**Aim of the task**
Provide again, from the entries below, every line from the one containing "Lemma expi_2pi_neq1 (P" through the one containing "by rewrite ler_pdivrMr", exactly as written, and no other line.

(Records from a dataset)
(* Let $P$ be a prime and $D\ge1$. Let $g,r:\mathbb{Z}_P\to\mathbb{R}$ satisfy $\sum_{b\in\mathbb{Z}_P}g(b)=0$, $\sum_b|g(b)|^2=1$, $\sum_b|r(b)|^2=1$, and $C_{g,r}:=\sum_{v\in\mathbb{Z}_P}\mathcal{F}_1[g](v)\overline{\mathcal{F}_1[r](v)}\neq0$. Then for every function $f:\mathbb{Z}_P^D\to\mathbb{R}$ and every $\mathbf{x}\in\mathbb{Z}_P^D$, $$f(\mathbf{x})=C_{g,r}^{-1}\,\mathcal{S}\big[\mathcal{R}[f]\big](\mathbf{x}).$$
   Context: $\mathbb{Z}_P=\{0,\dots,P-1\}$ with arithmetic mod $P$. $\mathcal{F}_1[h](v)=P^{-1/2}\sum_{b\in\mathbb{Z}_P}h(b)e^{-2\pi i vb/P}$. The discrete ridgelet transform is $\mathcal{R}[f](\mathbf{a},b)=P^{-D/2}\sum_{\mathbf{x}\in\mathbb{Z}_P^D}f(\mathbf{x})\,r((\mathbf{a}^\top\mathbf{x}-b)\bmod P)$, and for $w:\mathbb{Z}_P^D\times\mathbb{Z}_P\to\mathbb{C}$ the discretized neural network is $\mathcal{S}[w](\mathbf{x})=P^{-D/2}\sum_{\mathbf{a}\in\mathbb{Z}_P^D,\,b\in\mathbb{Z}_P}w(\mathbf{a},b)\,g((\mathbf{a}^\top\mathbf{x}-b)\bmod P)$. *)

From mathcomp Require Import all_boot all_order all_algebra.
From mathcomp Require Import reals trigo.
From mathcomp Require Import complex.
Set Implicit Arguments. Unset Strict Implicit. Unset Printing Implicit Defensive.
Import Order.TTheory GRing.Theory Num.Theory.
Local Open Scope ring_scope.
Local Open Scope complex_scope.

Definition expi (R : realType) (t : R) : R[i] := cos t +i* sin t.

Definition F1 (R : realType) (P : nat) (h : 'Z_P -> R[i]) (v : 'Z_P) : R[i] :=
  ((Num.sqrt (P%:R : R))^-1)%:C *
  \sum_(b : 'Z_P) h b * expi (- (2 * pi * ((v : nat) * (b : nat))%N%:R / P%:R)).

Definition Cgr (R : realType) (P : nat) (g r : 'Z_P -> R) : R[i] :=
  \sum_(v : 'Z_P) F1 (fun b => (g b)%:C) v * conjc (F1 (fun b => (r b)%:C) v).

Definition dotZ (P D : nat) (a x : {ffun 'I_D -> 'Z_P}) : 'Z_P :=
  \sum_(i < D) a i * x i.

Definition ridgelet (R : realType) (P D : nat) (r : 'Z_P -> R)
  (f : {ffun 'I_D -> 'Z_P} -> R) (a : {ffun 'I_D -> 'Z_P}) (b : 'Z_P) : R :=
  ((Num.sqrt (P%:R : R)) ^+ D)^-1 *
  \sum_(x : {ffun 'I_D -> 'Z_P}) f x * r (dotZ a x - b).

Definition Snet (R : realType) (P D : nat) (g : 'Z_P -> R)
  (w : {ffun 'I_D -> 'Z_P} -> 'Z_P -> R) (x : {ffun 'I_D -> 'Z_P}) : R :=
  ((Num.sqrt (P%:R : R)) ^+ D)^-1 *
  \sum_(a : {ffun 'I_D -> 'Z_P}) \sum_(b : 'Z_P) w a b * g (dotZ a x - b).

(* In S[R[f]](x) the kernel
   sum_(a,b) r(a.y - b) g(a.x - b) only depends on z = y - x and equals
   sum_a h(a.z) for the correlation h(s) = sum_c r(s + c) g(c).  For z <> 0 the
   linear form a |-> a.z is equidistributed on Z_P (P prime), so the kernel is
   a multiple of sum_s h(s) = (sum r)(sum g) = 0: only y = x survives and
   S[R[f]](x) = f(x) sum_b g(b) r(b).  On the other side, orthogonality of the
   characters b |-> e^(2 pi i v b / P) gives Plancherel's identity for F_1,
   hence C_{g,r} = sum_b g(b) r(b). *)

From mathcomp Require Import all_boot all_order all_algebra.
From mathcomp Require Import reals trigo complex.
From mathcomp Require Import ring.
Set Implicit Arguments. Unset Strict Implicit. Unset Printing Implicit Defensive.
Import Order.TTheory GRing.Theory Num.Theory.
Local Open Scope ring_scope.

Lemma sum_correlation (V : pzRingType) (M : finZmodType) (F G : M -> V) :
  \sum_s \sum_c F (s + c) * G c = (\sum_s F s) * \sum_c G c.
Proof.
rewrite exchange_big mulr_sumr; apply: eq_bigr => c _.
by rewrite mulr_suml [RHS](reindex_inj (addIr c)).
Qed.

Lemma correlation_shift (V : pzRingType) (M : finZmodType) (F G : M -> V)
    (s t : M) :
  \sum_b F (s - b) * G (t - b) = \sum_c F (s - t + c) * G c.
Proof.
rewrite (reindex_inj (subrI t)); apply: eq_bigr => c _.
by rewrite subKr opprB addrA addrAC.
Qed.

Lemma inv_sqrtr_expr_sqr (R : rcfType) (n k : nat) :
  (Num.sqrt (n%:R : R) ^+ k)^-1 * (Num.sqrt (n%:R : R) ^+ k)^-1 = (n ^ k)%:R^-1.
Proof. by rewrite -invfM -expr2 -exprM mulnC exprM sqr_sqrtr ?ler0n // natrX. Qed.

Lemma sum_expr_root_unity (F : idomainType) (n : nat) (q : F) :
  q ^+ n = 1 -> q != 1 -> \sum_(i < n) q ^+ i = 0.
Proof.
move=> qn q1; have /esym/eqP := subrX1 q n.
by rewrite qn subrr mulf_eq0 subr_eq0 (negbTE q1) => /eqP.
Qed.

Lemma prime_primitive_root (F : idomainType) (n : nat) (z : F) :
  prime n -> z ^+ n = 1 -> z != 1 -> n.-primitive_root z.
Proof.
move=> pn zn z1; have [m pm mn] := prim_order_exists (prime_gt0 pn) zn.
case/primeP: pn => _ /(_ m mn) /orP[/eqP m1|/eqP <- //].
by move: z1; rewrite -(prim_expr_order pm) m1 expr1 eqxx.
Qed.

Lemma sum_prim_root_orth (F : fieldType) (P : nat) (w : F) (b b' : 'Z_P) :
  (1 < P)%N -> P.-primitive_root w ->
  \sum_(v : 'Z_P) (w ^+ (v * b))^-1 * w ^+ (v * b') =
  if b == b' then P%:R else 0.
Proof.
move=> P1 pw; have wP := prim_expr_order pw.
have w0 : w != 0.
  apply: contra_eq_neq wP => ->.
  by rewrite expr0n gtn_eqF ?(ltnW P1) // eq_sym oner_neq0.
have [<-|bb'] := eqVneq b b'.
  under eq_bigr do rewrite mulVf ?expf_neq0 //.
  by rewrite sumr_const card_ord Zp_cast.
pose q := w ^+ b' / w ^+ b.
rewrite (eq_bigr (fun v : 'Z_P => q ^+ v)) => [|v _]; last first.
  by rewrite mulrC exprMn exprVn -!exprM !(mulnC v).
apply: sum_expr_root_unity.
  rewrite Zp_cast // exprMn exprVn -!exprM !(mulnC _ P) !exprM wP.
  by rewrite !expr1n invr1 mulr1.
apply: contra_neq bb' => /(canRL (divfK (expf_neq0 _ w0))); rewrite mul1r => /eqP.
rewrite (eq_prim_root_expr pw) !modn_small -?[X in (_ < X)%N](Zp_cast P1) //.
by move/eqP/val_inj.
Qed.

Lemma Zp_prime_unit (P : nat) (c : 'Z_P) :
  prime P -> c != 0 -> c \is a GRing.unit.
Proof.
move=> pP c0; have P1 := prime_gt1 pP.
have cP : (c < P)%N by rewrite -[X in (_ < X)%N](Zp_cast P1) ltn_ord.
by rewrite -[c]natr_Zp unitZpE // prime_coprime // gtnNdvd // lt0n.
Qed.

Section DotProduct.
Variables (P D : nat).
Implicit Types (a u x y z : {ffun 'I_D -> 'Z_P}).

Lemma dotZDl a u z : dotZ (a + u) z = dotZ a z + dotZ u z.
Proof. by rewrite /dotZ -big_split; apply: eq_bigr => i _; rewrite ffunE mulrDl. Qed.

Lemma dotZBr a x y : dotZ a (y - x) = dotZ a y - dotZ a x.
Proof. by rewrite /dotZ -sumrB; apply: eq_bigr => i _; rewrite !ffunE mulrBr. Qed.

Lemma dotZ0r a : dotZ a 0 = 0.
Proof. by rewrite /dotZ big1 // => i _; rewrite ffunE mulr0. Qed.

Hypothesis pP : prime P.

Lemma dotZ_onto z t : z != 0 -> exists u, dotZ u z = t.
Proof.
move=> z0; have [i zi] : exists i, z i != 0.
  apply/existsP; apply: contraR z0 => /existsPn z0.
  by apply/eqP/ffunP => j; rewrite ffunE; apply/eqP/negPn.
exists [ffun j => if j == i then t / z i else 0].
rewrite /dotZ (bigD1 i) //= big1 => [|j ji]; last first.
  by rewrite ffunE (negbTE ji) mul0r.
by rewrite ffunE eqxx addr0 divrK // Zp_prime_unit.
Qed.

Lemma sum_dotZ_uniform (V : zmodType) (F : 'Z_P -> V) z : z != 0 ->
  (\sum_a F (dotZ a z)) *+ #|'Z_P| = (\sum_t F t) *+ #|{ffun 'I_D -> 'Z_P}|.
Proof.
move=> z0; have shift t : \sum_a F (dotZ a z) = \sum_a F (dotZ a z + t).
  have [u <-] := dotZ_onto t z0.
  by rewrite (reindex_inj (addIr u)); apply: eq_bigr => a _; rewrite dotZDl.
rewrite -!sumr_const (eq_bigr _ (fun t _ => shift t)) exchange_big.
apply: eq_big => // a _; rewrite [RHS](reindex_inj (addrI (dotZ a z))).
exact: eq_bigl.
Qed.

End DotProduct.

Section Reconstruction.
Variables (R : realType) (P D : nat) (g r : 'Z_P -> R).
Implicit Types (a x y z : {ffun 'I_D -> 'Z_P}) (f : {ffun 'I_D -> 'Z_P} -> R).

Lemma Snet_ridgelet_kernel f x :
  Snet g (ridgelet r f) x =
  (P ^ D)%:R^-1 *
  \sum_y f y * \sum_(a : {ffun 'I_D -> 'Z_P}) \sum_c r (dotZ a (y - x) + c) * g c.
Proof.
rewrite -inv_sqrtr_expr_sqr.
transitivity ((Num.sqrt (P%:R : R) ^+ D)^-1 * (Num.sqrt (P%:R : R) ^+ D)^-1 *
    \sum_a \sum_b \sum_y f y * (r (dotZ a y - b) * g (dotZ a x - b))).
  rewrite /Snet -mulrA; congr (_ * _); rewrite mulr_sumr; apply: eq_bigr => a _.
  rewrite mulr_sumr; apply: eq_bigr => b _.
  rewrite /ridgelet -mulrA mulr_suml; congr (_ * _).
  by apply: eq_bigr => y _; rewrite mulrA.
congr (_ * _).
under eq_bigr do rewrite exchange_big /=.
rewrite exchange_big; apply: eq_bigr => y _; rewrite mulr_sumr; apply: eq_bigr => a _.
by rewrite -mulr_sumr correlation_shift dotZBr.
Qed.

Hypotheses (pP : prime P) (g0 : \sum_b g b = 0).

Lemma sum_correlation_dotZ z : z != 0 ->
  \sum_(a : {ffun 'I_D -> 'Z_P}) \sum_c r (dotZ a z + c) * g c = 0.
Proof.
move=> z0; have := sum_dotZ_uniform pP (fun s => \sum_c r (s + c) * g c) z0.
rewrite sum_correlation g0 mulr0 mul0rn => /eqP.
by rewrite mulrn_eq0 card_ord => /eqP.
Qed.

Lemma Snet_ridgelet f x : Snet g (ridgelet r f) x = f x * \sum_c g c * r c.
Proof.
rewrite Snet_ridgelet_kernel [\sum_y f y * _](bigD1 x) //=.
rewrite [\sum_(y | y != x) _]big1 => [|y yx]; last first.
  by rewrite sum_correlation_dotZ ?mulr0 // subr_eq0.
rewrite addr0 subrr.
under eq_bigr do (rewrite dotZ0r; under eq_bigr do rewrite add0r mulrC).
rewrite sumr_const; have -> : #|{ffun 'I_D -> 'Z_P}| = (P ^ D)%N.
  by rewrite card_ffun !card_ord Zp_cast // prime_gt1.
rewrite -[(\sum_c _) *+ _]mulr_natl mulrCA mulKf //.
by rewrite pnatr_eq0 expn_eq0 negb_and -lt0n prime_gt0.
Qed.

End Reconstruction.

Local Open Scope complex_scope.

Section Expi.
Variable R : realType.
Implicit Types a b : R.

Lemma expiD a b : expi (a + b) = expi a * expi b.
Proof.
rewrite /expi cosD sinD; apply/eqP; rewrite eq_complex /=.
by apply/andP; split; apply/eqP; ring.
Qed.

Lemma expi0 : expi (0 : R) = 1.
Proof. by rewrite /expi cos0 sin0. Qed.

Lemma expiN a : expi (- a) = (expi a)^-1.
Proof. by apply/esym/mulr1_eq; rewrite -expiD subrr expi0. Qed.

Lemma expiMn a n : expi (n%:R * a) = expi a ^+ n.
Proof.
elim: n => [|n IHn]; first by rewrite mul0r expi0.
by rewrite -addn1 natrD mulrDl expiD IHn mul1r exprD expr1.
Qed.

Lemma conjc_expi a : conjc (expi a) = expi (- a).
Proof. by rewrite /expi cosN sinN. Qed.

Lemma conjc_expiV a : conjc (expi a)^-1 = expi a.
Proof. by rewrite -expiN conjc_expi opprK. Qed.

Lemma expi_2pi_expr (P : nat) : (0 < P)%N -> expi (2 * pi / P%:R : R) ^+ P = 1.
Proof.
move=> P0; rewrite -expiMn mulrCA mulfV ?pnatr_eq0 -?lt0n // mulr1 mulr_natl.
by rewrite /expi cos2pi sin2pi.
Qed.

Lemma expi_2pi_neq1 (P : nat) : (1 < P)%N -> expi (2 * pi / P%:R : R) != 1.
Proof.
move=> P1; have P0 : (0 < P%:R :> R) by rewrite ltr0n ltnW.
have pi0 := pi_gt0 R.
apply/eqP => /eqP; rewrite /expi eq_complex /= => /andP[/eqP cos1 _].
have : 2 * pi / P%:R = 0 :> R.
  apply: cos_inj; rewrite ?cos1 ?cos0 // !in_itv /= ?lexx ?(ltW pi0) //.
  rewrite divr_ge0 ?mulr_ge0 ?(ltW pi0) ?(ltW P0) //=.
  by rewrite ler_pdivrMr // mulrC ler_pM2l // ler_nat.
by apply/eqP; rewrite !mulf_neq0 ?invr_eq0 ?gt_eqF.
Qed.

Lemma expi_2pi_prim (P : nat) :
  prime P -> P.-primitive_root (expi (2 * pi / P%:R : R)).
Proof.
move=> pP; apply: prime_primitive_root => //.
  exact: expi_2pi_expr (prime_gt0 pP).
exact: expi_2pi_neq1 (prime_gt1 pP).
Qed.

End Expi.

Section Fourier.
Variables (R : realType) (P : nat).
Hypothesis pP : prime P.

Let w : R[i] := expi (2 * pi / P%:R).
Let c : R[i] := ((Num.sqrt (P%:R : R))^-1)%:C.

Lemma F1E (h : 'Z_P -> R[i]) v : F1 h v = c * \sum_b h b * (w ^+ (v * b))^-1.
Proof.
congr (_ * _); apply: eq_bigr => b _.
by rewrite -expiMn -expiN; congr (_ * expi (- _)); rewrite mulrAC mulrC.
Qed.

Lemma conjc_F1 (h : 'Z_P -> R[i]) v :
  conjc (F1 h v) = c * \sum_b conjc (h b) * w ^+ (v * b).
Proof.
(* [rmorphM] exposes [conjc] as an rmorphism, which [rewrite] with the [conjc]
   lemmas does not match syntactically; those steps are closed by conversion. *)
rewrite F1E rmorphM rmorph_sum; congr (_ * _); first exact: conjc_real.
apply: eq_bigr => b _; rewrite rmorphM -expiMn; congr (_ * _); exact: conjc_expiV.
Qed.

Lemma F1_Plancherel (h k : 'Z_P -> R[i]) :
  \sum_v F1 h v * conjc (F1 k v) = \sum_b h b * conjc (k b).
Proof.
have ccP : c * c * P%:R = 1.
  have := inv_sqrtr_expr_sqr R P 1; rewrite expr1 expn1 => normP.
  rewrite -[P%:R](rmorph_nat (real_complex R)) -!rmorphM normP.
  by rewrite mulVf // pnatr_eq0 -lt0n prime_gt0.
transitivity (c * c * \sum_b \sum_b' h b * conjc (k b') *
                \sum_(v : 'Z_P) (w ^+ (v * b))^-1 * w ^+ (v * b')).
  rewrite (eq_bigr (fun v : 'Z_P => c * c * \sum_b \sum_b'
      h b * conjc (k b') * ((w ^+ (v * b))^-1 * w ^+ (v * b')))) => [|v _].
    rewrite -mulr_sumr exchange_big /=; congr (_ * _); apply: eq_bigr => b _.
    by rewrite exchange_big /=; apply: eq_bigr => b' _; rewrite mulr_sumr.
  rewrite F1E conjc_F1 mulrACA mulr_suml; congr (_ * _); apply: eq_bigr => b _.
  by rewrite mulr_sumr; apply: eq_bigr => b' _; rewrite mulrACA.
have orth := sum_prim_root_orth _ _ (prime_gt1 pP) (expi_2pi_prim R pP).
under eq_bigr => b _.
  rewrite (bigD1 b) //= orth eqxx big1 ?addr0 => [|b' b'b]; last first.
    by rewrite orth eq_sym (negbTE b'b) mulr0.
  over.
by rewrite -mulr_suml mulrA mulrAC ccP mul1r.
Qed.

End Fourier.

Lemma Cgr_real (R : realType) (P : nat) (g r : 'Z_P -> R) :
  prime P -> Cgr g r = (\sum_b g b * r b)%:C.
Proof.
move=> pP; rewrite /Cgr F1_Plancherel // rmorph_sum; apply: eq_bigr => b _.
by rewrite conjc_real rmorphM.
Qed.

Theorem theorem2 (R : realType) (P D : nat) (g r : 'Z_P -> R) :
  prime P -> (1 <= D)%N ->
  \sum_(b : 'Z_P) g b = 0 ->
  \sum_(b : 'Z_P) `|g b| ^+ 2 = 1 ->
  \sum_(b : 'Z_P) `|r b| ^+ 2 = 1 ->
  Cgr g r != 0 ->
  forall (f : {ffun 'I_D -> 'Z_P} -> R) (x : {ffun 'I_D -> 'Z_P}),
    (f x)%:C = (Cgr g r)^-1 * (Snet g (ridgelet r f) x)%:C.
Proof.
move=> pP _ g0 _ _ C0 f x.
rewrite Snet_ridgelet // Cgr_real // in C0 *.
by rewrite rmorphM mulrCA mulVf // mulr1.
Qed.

**Problem solution**
Lemma expi_2pi_neq1 (P : nat) : (1 < P)%N -> expi (2 * pi / P%:R : R) != 1.
Proof.
move=> P1; have P0 : (0 < P%:R :> R) by rewrite ltr0n ltnW.
have pi0 := pi_gt0 R.
apply/eqP => /eqP; rewrite /expi eq_complex /= => /andP[/eqP cos1 _].
have : 2 * pi / P%:R = 0 :> R.
  apply: cos_inj; rewrite ?cos1 ?cos0 // !in_itv /= ?lexx ?(ltW pi0) //.
  rewrite divr_ge0 ?mulr_ge0 ?(ltW pi0) ?(ltW P0) //=.
  by rewrite ler_pdivrMr // mulrC ler_pM2l // ler_nat.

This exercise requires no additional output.